Hatfill Teaching Bioterrorism Course
Program At LSU's Biomedical Training Center
Funded By $11.5 Million Grantby Dave Altimari and Jack Dolan, Hartford Courant, 28 June 2002
Steven J. Hatfill, the microbiologist at the center of the FBI's anthrax investigation, has been working as part of an $11.5 million government-funded program to train police and firefighters in the event of a bioterrorism attack.
Hatfill, 48, who in March lost the security clearance he needed for his job at a prominent military contractor, has been working at Louisiana State University's National Center for Biomedical Research and Training. LSU received an $11.5 million grant in January from the Department of Justice, which also oversees the FBI, to train medical and law enforcement personnel responding to attacks such as last fall's anthrax-laced letters.
LSU officials confirmed Hatfill's employment.
"When he works here it's as an adjunct instructor and he develops and teaches his own class," said Gene C. Sands, LSU's executive director of university relations.
"I can't tell you right now whether he is being paid by the university," Sands said.
Hatfill is listed in the LSU phone directory as a lecturer and with the same address as Dean Daniel C. Walsh Jr. The dean, who runs the biomedical research center, could not be reached for comment Thursday night.
Hatfill's position, working indirectly for the federal department investigating him, is one in a series of uneasy interrelations between law enforcement and the close-knit community of biological weapons experts who make up the FBI's pool of potential suspects. Although the FBI insists Hatfill is not a suspect in the anthrax letter case, agents searched Hatfill's Maryland apartment Tuesday and his rented storage locker in Florida Wednesday, carting away evidence from both locations. Hatfill also has said he is not a suspect in the FBI investigation.
A source said Thursday that Hatfill was hired by LSU based on recommendations from David Franz and David Huxsoll, both former commanders of the U.S. Army's Medical Research Institute of Infectious Diseases at Fort Detrick, Md., where Hatfill worked for two years. Franz and Huxsoll could not be reached for comment.
Huxsoll is now director of Plum Island, a U.S. Department of Agriculture research facility off the coast of Connecticut, accessible only by ferry. The secluded island is used to study exotic animal illnesses including foot-and-mouth disease. No animals leave the island alive.
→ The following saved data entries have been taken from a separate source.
Section RowNorm.
Variables (R : realType) (s : nat) (N : 'rV[R[i]]_s -> R).
Hypothesis N_norm : is_norm N.

Lemma is_normZ (a : R[i]) x : N (a *: x) = cabs a * N x.
Proof. by case: N_norm. Qed.

Lemma is_normD x y : N (x + y) <= N x + N y.
Proof. by case: N_norm. Qed.

Lemma is_norm0 : N 0 = 0.
Proof. by rewrite -(scale0r (0 : 'rV_s)) is_normZ cabs0 mul0r. Qed.

Lemma is_norm_ge0 x : 0 <= N x.
Proof.
have := is_normD x (- x); rewrite subrr is_norm0 -scaleN1r is_normZ cabsN cabs1.
by rewrite mul1r => ?; lra.
Qed.

Lemma is_norm_sum_le (I : Type) (r : seq I) (P : pred I) (F : I -> 'rV_s) :
  N (\sum_(i <- r | P i) F i) <= \sum_(i <- r | P i) N (F i).
Proof.
elim/big_rec2: _ => [|i y1 y2 _ IH]; first by rewrite is_norm0.
by apply: le_trans (is_normD _ _) _; rewrite lerD2l.
Qed.

Lemma is_norm_row_le (x : 'rV_s) (t : R) :
  (forall j, cabs (x 0 j) <= t) -> N x <= t * \sum_j N (delta_mx 0 j).
Proof.
move=> x_le; rewrite {1}(matrix_sum_delta x) big_ord1.
apply: le_trans (is_norm_sum_le _ _ _) _.
rewrite mulr_sumr; apply: ler_sum => j _.
by rewrite is_normZ ler_wpM2r ?is_norm_ge0.
Qed.

End RowNorm.

Lemma det_cmx (R : realType) n (M : 'M[R]_n) : \det (cmx M) = (\det M)%:C.
Proof. by rewrite -det_map_mx. Qed.

Lemma le_div_1Dcabs (R : realType) (z : R[i]) (x C D : R) :
  z != 0 -> 0 <= C <= D -> x <= C / (1 + cabs z) -> x <= D / cabs z.
Proof.
rewrite -cabs_gt0 => z_gt0 /andP[C_ge0 C_le] /le_trans; apply.
apply: ler_pM; rewrite ?invr_ge0 ?addr_ge0 ?cabs_ge0 //.
by rewrite lef_pV2 ?posrE ?addr_gt0 // lerDr.
Qed.

Section RungeKutta.
Variables (R : realType) (s : nat) (A : 'M[R]_s) (b : 'cV[R]_s).
Hypothesis A_unit : A \in unitmx.
Hypothesis resolvent_unit :
  forall z : R[i], complex.Re z <= 0 -> (1%:M - z *: cmx A) \in unitmx.

Lemma eigen_inv_Re_gt0 (rs : seq R[i]) :
  char_poly (cmx A) = \prod_(k <- rs) ('X - k%:P) ->
  forall l, l \in rs -> l != 0 /\ 0 < complex.Re l^-1.
Proof.
move=> hp l lrs.
have l_neq0 : l != 0.
  apply: contraTneq A_unit => l0; rewrite unitmxE unitfE negbK.
  have : root (char_poly (cmx A)) l by rewrite hp root_prod_XsubC.
  rewrite l0 /root horner_char_poly raddf0 sub0r -scaleN1r detZ det_cmx.
  rewrite mulf_eq0 expf_eq0 oppr_eq0 oner_eq0 andbF /=.
  by rewrite -(rmorph0 (real_complex R)) (inj_eq (@complexI R)).
split => //; rewrite ltNge; apply/negP => /resolvent_unit.
rewrite unitmxE unitfE (det_1_sub_scale _ hp) (big_rem l lrs) /=.
by rewrite mulVf // subrr mul0r eqxx.
Qed.

Lemma cabs_det_resolvent_ge : exists2 K : R, 0 < K & forall z : R[i],
  complex.Re z <= 0 -> K * (1 + cabs z) ^+ s <= cabs (\det (1%:M - z *: cmx A)).
Proof.
have [rs hp] := char_poly_split (cmx A).
have size_rs : size rs = s.
  by have := size_char_poly (cmx A); rewrite hp size_prod_XsubC => -[].
have [K K_gt0 hK] := cabs_prod_1_sub_mul_ge (eigen_inv_Re_gt0 hp).
by exists K => // z z_le0; rewrite (det_1_sub_scale _ hp) -size_rs hK.
Qed.

Lemma cabs_resolvent_entry_le : exists2 K : R, 0 < K & forall z : R[i],
  complex.Re z <= 0 ->
  forall i j, cabs (invmx (1%:M - z *: cmx A) i j) <= K / (1 + cabs z).
Proof.
have [K1 K1_gt0 det_ge] := cabs_det_resolvent_ge.
pose a := \big[Num.max/0]_(ij : 'I_s * 'I_s) `|A ij.1 ij.2|.
have a_ge0 : 0 <= a by exact: bigmax_ge_id.
have A_le i j : `|A i j| <= a by rewrite /a; exact: (le_bigmax _ _ (i, j)).
exists (s.-1`!%:R * (1 + a) ^+ s.-1 / K1).
  by rewrite divr_gt0 // mulr_gt0 ?exprn_gt0 ?ltr0n ?fact_gt0 // ltr_pwDl.
move=> z z_le0 i j; set c := cabs z; set n := s.-1.
have c_ge0 : 0 <= c := cabs_ge0 z.
set t := (1 + a) * (1 + c).
have entry_le k l : cabs ((1%:M - z *: cmx A) k l) <= t.
  rewrite !mxE; apply: le_trans (cabsD _ _) _; rewrite cabsN cabsM cabsR.
  have : cabs ((k == l)%:R : R[i]) <= 1.
    by case: (k == l); rewrite /= ?cabs0 ?cabs1 ?ler01.
  by have := A_le k l; have := normr_ge0 (A k l); rewrite -/c /t; nra.
have inv_le : cabs (invmx (1%:M - z *: cmx A) i j)
    <= n`!%:R * t ^+ n / cabs (\det (1%:M - z *: cmx A)).
  rewrite cabs_leE !rmorphM fmorphV rmorphXn rmorph_nat /= cabsE.
  by apply: ler_norm_invmx (resolvent_unit z_le0) _ => k l; rewrite -cabs_leE.
have s_pos : (0 < s)%N := leq_ltn_trans (leq0n i) (ltn_ord i).
have expr_s : (1 + c) ^+ s = (1 + c) * (1 + c) ^+ n by rewrite -exprS prednK.
have := det_ge z z_le0; rewrite -/c expr_s => {}det_ge.
apply: le_trans inv_le _.
have -> : n`!%:R * (1 + a) ^+ n / K1 / (1 + c)
    = n`!%:R * ((1 + a) ^+ n * (1 + c) ^+ n) / (K1 * ((1 + c) * (1 + c) ^+ n)).
  by field; rewrite ?expf_neq0 ?gt_eqF ?ltr_pwDl ?K1_gt0.
have D_gt0 : 0 < K1 * ((1 + c) * (1 + c) ^+ n).
  by rewrite !mulr_gt0 ?exprn_gt0 // ltr_pwDl.
rewrite exprMn ler_wpM2l ?mulr_ge0 ?exprn_ge0 ?addr_ge0 //.
by rewrite lef_pV2 ?posrE // (lt_le_trans D_gt0).
Qed.
(* Write [u] and [w] for the distances from the origin to the two ends of the segment covered by
   the drone, and [A = 2 tan beta / (tan alpha + tan beta)].  When beta-Hedge serves a request
   beyond one end, that end moves onto the request, the other end advances [1 - A] times as far,
   and the drone travels [1 / (sin beta + tan alpha cos beta)] per unit of advance of the leading
   end.  An invariant relating [u], [w] and the extreme requests bounds the cost on a good input
   of right extent [r] by [(1 + A r) / (sin beta + tan alpha cos beta)], with equality on the
   input [0, r, -1].  OPT is the distance from the origin to the cone FC(-1, r): its apex when
   [r >= - cos (2 alpha)], otherwise at least the distance to FC(-1).  Hence the competitive ratio
   is [sqrt ((1 - A)^2 + tan^2 alpha (1 + A)^2) / (sin beta + tan alpha cos beta)], attained at
   [r = r0], whenever [A > cos (2 alpha)]; for smaller [A] the single request [-1] gives a lower
   bound.  The square of that ratio is, up to a constant, a quartic in [A] whose minimum
   over [0, 1] is at [A = min 1 (max 0 (1/2 + cos (2 alpha)))], the value of [A] at
   [beta0 alpha]. *)

From Stdlib Require Import Reals Lra Psatz ClassicalEpsilon.
From Coquelicot Require Import Coquelicot.
Open Scope R_scope.

Lemma real_Glb_Rbar_ge (E : R -> Prop) (m e0 : R) :
  E e0 -> (forall e, E e -> m <= e) -> m <= real (Glb_Rbar E).
Proof.
  intros He0 Hm. destruct (Glb_Rbar_correct E) as [Hlb Hglb].
  assert (Hle : Rbar_le m (Glb_Rbar E)) by (apply Hglb; intros e He; apply Hm, He).
  specialize (Hlb e0 He0).
  destruct (Glb_Rbar E); simpl in *; [exact Hle | contradiction | contradiction].
Qed.

Lemma real_Glb_Rbar_min (E : R -> Prop) (m : R) :
  E m -> (forall e, E e -> m <= e) -> real (Glb_Rbar E) = m.
Proof.
  intros Hm Hlb. destruct (Glb_Rbar_correct E) as [Hlb' Hglb].
  replace (Glb_Rbar E) with (Finite m); [reflexivity|].
  apply Rbar_le_antisym; [apply Hglb; intros e He; apply Hlb, He | apply Hlb', Hm].
Qed.

Lemma Lub_Rbar_ge (E : R -> Prop) (q m : R) : E q -> m <= q -> Rbar_le m (Lub_Rbar E).
Proof.
  intros Hq Hm. destruct (Lub_Rbar_correct E) as [Hub _].
  apply Rbar_le_trans with q; [exact Hm | exact (Hub q Hq)].
Qed.

Lemma Lub_Rbar_max (E : R -> Prop) (m : R) :
  E m -> (forall e, E e -> e <= m) -> Lub_Rbar E = m.
Proof.
  intros Hm Hub. apply is_lub_Rbar_unique. split.
  - intros e He. exact (Hub e He).
  - intros b Hb. exact (Hb m Hm).
Qed.

Lemma dist2_triangle P Q S : dist2 P S <= dist2 P Q + dist2 Q S.
Proof.
  assert (E : forall A B, dist2 A B = dist_euc (fst A) (snd A) (fst B) (snd B))
    by (intros; unfold dist2, dist_euc, Rsqr; f_equal; ring).
  rewrite !E. apply triangle.
Qed.

Lemma dist2_self P : dist2 P P = 0.
Proof. unfold dist2. rewrite <- sqrt_0. f_equal. ring. Qed.

Lemma dist2_unit_step P s a b : 0 <= s -> a ^ 2 + b ^ 2 = 1 ->
  dist2 P (fst P + s * a, snd P + s * b) = s.
Proof.
  intros Hs Hab. unfold dist2; cbn [fst snd].
  transitivity (sqrt (s ^ 2)); [f_equal | exact (sqrt_pow2 s Hs)].
  rewrite <- (Rmult_1_r (s ^ 2)), <- Hab. ring.
Qed.

Lemma path_cost_ge_dist2 P n : dist2 (P O) (P n) <= path_cost P n.
Proof.
  induction n as [|n IH]; simpl path_cost.
  - rewrite dist2_self. lra.
  - pose proof (dist2_triangle (P O) (P n) (P (S n))). lra.
Qed.

(* squared distance from the origin to ((r - 1) / 2, (1 + r) / (2 T)), the apex of FC(-1, r) *)
Definition apex_sq_dist (T r : R) : R :=
  ((r - 1) ^ 2 * T ^ 2 + (1 + r) ^ 2) / (4 * T ^ 2).

Lemma apex_sq_dist_pos T r : 0 < T -> 0 < apex_sq_dist T r.
Proof.
  intros HT. unfold apex_sq_dist. apply Rdiv_lt_0_compat; [|nra].
  assert (0 <= (r - 1) ^ 2 * T ^ 2) by (apply Rmult_le_pos; apply pow2_ge_0).
  destruct (Req_dec r (-1)) as [->|Hr]; [nra|].
  assert (0 < (1 + r) ^ 2) by (apply pow2_gt_0; lra). lra.
Qed.

Lemma sq_dist_halfplane_ge T p v : 0 < T -> 1 <= v * T - p -> / (1 + T ^ 2) <= p ^ 2 + v ^ 2.
Proof.
  intros HT H.
  assert (Hcs : (1 + T ^ 2) * (p ^ 2 + v ^ 2) = (v * T - p) ^ 2 + (v + p * T) ^ 2) by ring.
  pose proof (pow2_ge_0 (v + p * T)).
  apply (Rmult_le_reg_l (1 + T ^ 2)); [nra|].
  rewrite Rinv_r by nra. nra.
Qed.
Despite being popularly known as "Anthrax Island," after last fall's anthrax attacks, officials publicly deny that they have ever studied the deadly pathogen on Plum Island.
But at least one former infectious-disease center scientist interviewed recently by the FBI said agents asked a series of questions about the island: Have you ever been there? Do you know anybody who works there? What do they do?
On Thursday, an FBI spokesman would not acknowledge whether such questions were being asked, or why the FBI would care.
Franz and Huxsoll are part of a cadre of highly placed friends within the biological weapons field who have helped Hatfill over the years. Another of Hatfill's close friends is William Patrick, another former employee of the infectious-disease center. Patrick is known for developing the U.S. method for producing anthrax in aerosol form.
In 1999, while he was working for defense contractor Science Applications International Corp., Hatfill hired Patrick to do a study on a hypothetical anthrax attack by mail. The study depicted the impact of placing 2.5 grams of Bacillus globigii - a nonlethal, simulated form of anthrax - in a standard business envelope, a source at the SACI Corp. said.
The amount is similar to what was placed in the six anthrax-laden letters mailed to government officials and members of the media last fall. Five people died in the anthrax attacks, and 13 others were sickened.
The two most potent letters were mailed to Senate Majority Leader Tom Daschle, D-S.D., and Sen. Patrick Leahy, D-Vt. FBI Director Robert Mueller met with Daschle and his staff Thursday to update them on the investigation. Daschle declined to comment on the meeting.
Earlier this year, the FBI ordered dozens of university labs to send samples of their anthrax to the Maryland infectious-disease center to be collected for comparison with the powder preserved from the letter to Leahy, also kept at the Army lab.
Then last month, federal agents announced a sweeping series of lie detector tests for current and former employees of the infectious-disease center, where the evidence is being collected. FBI agents working the investigation have visited a number of current and former scientists in their homes. But none of those visits has resulted in the same level of public scrutiny Hatfill has come under this week.
Federal officials said on Thursday that Hatfill is on a list of 20 to 30 "persons of interest" and stressed that his property was searched because, like the others, he possesses the expertise to handle deadly pathogens and at one time had access to the anthrax strain used in the attacks.
FBI sources have said they cannot place Hatfill near Trenton, N.J., where they believe the tainted letters were mailed.
Hatfill's extensive background in biological warfare research includes two years working at the infectious-disease center, where he studied the deadly Ebola virus. He has also been vaccinated against anthrax. Unlike others on the FBI's list, Hatfill's name has circulated for months among microbiologists prodding federal agents to take a close look at his unusual background.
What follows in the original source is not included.